Exercise
From the entries, copy every line that carries the string "disjoint".

(Dataset entries)
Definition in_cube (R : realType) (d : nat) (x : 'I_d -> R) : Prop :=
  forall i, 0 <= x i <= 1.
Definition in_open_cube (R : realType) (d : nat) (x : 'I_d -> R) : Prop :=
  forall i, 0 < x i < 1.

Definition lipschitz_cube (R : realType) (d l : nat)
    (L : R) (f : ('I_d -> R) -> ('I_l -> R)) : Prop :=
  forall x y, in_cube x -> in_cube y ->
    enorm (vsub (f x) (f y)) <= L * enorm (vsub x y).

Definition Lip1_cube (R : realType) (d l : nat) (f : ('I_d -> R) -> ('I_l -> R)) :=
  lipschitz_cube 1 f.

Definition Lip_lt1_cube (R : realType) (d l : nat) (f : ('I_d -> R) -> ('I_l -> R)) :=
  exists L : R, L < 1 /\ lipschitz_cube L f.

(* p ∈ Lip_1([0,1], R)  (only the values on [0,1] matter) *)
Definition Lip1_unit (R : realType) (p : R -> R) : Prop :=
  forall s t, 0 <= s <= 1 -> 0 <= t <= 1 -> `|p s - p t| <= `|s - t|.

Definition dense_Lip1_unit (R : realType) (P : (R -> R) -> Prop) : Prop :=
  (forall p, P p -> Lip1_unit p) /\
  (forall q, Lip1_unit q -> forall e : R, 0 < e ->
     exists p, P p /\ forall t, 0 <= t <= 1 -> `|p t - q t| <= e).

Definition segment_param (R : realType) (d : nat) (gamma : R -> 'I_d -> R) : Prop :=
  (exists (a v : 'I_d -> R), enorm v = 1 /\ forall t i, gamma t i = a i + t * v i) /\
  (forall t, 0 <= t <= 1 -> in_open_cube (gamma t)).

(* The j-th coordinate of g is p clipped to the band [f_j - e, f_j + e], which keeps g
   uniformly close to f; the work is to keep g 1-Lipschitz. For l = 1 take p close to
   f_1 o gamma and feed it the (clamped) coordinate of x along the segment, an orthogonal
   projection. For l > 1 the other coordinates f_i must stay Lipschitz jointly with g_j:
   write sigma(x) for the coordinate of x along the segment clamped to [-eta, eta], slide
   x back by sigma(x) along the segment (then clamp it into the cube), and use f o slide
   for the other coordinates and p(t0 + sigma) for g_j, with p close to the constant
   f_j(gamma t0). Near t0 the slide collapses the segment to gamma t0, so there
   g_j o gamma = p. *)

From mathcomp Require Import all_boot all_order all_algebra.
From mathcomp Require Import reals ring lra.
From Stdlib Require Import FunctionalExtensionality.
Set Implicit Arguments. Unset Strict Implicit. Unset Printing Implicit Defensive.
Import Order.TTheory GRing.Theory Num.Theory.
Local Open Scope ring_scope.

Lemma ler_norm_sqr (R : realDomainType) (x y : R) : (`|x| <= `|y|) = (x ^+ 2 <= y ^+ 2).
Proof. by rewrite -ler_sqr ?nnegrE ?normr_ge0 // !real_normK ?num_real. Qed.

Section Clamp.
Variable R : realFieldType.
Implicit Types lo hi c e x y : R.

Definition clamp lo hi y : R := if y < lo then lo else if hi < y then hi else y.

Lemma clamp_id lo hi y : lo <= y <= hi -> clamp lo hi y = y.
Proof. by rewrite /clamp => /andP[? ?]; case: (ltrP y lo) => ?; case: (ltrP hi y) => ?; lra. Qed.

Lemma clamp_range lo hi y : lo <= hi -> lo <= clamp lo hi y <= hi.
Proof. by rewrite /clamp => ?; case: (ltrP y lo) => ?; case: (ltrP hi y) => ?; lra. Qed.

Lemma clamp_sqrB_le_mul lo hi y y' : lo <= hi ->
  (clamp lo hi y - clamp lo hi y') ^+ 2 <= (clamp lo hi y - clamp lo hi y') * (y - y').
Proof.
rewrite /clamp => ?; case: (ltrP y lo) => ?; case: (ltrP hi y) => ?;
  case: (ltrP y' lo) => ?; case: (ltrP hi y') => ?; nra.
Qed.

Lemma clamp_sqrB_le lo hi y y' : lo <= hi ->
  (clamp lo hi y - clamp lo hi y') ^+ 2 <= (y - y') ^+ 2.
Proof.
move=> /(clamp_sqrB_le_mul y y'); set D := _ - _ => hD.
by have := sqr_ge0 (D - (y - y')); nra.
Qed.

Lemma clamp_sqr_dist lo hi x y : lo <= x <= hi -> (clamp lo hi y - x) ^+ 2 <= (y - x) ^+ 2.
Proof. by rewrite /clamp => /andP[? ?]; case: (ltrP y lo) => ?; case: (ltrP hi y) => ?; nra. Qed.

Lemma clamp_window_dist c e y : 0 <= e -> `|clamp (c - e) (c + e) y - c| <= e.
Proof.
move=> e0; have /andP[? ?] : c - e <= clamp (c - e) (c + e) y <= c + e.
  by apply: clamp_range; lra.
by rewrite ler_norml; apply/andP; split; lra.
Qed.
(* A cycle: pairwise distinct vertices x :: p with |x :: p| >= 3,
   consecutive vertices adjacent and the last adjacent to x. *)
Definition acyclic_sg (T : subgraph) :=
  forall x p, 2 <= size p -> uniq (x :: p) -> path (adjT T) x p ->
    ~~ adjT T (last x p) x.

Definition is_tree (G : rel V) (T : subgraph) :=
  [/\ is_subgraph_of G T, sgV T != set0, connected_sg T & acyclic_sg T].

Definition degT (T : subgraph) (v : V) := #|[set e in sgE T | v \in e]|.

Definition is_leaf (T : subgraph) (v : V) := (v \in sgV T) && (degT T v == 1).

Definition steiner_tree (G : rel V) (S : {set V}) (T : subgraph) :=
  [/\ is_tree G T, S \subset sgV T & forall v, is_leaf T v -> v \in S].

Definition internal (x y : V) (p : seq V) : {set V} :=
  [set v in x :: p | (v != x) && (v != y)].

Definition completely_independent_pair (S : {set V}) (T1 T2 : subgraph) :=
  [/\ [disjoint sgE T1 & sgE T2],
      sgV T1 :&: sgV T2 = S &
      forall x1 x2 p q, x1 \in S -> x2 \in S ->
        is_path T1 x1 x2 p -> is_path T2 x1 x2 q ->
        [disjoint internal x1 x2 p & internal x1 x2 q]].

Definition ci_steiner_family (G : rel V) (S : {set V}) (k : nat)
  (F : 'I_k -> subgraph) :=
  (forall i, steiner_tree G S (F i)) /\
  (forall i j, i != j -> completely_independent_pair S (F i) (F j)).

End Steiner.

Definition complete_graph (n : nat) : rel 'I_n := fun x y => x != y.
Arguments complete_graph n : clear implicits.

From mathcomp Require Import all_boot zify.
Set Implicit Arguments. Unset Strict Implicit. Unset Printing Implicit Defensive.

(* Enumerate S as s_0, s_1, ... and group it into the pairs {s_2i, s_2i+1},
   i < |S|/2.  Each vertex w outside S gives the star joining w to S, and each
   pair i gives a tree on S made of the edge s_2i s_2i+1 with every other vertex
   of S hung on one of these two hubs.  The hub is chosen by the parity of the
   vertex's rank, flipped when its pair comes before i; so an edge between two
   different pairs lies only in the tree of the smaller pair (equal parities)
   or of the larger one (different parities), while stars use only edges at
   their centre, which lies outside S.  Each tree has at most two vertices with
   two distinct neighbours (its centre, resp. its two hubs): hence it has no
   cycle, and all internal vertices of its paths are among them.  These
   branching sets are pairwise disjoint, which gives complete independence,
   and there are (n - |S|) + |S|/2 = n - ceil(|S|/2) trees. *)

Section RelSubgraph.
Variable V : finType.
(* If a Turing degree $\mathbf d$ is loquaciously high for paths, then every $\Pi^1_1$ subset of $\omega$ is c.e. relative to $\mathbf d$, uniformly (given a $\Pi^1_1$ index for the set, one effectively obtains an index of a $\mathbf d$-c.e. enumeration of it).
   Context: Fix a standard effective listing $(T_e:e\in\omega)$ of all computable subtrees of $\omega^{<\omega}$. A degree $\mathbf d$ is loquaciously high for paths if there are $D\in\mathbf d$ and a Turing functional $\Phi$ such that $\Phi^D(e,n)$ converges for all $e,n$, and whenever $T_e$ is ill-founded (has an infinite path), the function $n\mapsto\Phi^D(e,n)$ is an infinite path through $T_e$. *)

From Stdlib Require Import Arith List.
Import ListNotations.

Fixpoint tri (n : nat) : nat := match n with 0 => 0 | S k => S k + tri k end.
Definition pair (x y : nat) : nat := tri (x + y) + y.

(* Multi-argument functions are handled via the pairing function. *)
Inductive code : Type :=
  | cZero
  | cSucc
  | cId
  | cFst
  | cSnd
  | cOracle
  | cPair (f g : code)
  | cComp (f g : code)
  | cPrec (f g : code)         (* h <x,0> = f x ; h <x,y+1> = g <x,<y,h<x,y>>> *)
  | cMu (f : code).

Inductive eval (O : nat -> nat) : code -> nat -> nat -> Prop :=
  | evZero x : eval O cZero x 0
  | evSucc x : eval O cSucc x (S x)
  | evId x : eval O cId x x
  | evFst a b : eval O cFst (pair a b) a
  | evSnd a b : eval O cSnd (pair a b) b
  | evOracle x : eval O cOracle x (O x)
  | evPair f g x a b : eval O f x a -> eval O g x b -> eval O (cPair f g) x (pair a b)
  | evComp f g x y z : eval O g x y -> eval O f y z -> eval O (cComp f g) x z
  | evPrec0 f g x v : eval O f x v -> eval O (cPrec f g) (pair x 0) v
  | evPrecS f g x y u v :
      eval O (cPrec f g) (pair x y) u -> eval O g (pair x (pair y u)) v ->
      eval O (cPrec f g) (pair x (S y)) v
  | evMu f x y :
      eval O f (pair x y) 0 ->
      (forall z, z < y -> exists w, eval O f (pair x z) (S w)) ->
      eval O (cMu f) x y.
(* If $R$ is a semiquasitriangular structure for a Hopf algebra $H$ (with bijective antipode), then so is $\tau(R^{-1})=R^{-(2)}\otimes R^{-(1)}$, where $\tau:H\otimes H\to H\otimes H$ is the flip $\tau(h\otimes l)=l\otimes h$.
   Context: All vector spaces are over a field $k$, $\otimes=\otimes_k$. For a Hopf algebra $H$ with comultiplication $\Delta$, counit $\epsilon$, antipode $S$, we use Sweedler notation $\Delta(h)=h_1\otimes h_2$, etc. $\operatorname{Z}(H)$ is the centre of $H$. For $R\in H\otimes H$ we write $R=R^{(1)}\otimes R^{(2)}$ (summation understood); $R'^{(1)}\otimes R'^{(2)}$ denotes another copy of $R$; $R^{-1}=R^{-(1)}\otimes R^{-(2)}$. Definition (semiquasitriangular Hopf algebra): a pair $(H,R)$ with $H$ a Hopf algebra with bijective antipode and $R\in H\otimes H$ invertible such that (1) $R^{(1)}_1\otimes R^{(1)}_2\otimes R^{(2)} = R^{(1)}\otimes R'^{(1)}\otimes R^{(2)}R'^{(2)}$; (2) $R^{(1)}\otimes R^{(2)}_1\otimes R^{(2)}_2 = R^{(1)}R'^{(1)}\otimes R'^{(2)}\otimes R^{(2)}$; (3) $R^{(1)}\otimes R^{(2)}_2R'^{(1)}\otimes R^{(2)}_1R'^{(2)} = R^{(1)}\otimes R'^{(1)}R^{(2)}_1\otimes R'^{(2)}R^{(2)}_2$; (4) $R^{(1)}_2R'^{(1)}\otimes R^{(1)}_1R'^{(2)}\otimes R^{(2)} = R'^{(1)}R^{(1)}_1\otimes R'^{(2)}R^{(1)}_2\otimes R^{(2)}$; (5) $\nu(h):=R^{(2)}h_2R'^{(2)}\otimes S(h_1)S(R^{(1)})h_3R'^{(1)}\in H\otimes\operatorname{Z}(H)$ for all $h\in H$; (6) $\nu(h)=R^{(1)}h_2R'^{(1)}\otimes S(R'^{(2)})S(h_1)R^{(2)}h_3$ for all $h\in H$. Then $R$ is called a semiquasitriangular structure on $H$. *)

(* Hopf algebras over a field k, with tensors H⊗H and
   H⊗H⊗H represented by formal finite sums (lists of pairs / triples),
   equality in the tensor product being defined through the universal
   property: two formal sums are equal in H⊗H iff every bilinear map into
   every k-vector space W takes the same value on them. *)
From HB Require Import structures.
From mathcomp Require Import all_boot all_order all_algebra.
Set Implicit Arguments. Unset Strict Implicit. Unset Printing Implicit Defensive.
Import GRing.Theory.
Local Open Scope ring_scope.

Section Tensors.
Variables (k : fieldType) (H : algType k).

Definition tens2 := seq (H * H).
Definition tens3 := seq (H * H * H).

Task answer
  [/\ [disjoint sgE T1 & sgE T2],
        [disjoint internal x1 x2 p & internal x1 x2 q]].
   branching sets are pairwise disjoint, which gives complete independence,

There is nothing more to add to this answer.